(* Let $\pi$ be an $r$-homogeneous strongly log-concave distribution with associated matroid $\mathcal{M}=(E,\mathcal{I})$ and weight function $w$. If $I\in\mathcal{I}$ and $|I|\le r-2$, then the matrix $W_I$ has at most one positive eigenvalue.
   Context: $\pi:2^{[n]}\to\mathbb{R}_{\ge0}$ has generating polynomial $g_\pi(x)=\sum_S\pi(S)\prod_{i\in S}x_i$; it is $r$-homogeneous if its support consists of $r$-sets; a polynomial with nonnegative coefficients is strongly log-concave if for every $J\subseteq[n]$, $\partial_J p$ has negative semidefinite $\nabla^2\log(\partial_J p)$ at the all-ones vector; $\pi$ is strongly log-concave if $g_\pi$ is. It is known that the support $\mathcal{B}$ of such $\pi$ is the set of bases of a matroid $\mathcal{M}=(E,\mathcal{I})$ of rank $r$ on $E=[n]$ ($\mathcal{I}$ = subsets of bases). Fix a constant $Z_r>0$ and define weights on $\mathcal{I}$ by $w(B)=\pi(B)Z_r$ for $B\in\mathcal{B}$ and $w(I)=\sum_{I'\supset I,\ |I'|=|I|+1,\ I'\in\mathcal{I}}w(I')$ for $|I|<r$; equivalently $w(I)=(r-|I|)!\sum_{B\in\mathcal{B},B\supseteq I}w(B)$, with $w(I)=0$ for dependent $I$. For $I\in\mathcal{I}$ with $|I|\le r-2$, $W_I$ is the matrix indexed by $E\setminus I$ with $(W_I)_{uv}=w(I\cup\{u,v\})$ for $u\ne v$ and $(W_I)_{uu}=0$; equivalently $W_I=(r-|I|-2)!\,Z_r\,\nabla^2\partial_I g_\pi(\mathbf{1})$. *)

From HB Require Import structures.
From mathcomp Require Import all_boot all_order all_algebra.
From mathcomp Require Import mpoly.
Set Implicit Arguments. Unset Strict Implicit. Unset Printing Implicit Defensive.
Import Order.TTheory GRing.Theory Num.Theory.
Local Open Scope ring_scope.
(* Let $G$ be a unibased group and let $K$ be a field endowed with a non-trivial smooth $G$-action. Then $\mathrm{Sm}_K(G)$ is equivalent to each of its non-zero full subcategories closed under direct products and subquotients.
   Context: A permutation group is a Hausdorff topological group admitting a base of open sets consisting of left and right translates of subgroups. A permutation group $G$ is unibased if, for every open proper subgroup, the finite intersections of its conjugates form a base of open subgroups (neighbourhoods of $1$) of $G$. $\mathrm{Sm}_K(G)$ is the category of smooth left modules over the skew group ring $K\langle G\rangle$ ($(a[g])(b[h])=ab^g[gh]$), smooth meaning every element has an open stabilizer. The action on $K$ is smooth if stabilizers of elements of $K$ are open, and non-trivial if some element of $G$ acts non-trivially. *)

From HB Require Import structures.
From mathcomp Require Import all_boot all_algebra.
From mathcomp Require Import classical_sets boolp topology.

Set Implicit Arguments.
Unset Strict Implicit.
Unset Printing Implicit Defensive.
Import GRing.Theory.
Local Open Scope classical_set_scope.
Local Open Scope ring_scope.

Record topGroup := TopGroup {
  tg_car :> topologicalType;
  tg_mul : tg_car -> tg_car -> tg_car;
  tg_inv : tg_car -> tg_car;
  tg_one : tg_car;
  tg_mulA : forall x y z, tg_mul x (tg_mul y z) = tg_mul (tg_mul x y) z;
  tg_mul1 : forall x, tg_mul tg_one x = x;
  tg_mul1r : forall x, tg_mul x tg_one = x;
  tg_mulV : forall x, tg_mul (tg_inv x) x = tg_one;
  tg_mulVr : forall x, tg_mul x (tg_inv x) = tg_one;
  tg_mul_cont : continuous (fun p : tg_car * tg_car => tg_mul p.1 p.2);
  tg_inv_cont : continuous tg_inv
}.

Section GroupDefs.
Variable G : topGroup.
Local Notation one := (tg_one G).
Lemma ev_generic_eq0 (Q : {poly CC}) x :
  Q != 0 -> (forall z : point, Q.[z 0] != 0 -> ev z x = 0) -> x = 0.
Proof.
have [A [B [C [D ->]]]] := nf_surj x; move=> Q0 evx.
pose Q' := Q * ('X^2 + (ee 0 - ee 1)%:P) * ('X^2 + (ee 0 - ee 2)%:P).
have Q'0 : Q' != 0 by rewrite !mulf_neq0 // -size_poly_eq0 size_XnaddC.
suff fiber t : Q'.[t] != 0 -> [/\ A.[t] = 0, B.[t] = 0, C.[t] = 0 & D.[t] = 0].
  have [A0 B0 C0 D0] : [/\ A = 0, B = 0, C = 0 & D = 0].
    by split; apply: (poly_eq0_outside_roots Q'0) => t /fiber [].
  by rewrite /nf A0 B0 C0 D0 !rmorph0 !mul0r !addr0.
rewrite !hornerM !mulf_eq0 !negb_or !hornerD !hornerXn !hornerC.
move=> /andP [/andP [Qt s1t] s2t].
have s1K := sqrtCK (t ^+ 2 + (ee 0 - ee 1)); have s2K := sqrtCK (t ^+ 2 + (ee 0 - ee 2)).
set s1 := sqrtC _ in s1K; set s2 := sqrtC _ in s2K.
apply: (@sign_points_coef_eq0 _ _ _ _ _ s1 s2).
- by rewrite -sqrf_eq0 s1K.
- by rewrite -sqrf_eq0 s2K.
move=> a b; rewrite s1K s2K => ha hb.
by have := evx (Point (on_curve_fiber ha hb)) Qt; rewrite ev_nf.
Qed.

Lemma ev_eq0 x : (forall z : point, ev z x = 0) -> x = 0.
Proof.
by move=> evx; apply: (@ev_generic_eq0 1) => [|z _]; [exact: oner_neq0 | exact: evx].
Qed.

Definition generic_nonzero (y : E) :=
  exists2 Q : {poly CC}, Q != 0 & forall z : point, ev z y ^+ 2 = Q.[z 0].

###

◆ Task item: From the records above, copy every line that includes the word "forall".

◆ Answer below:
  tg_mulA : forall x y z, tg_mul x (tg_mul y z) = tg_mul (tg_mul x y) z;
  tg_mul1 : forall x, tg_mul tg_one x = x;
  tg_mul1r : forall x, tg_mul x tg_one = x;
  tg_mulV : forall x, tg_mul (tg_inv x) x = tg_one;
  tg_mulVr : forall x, tg_mul x (tg_inv x) = tg_one;
  Q != 0 -> (forall z : point, Q.[z 0] != 0 -> ev z x = 0) -> x = 0.
Lemma ev_eq0 x : (forall z : point, ev z x = 0) -> x = 0.
  exists2 Q : {poly CC}, Q != 0 & forall z : point, ev z y ^+ 2 = Q.[z 0].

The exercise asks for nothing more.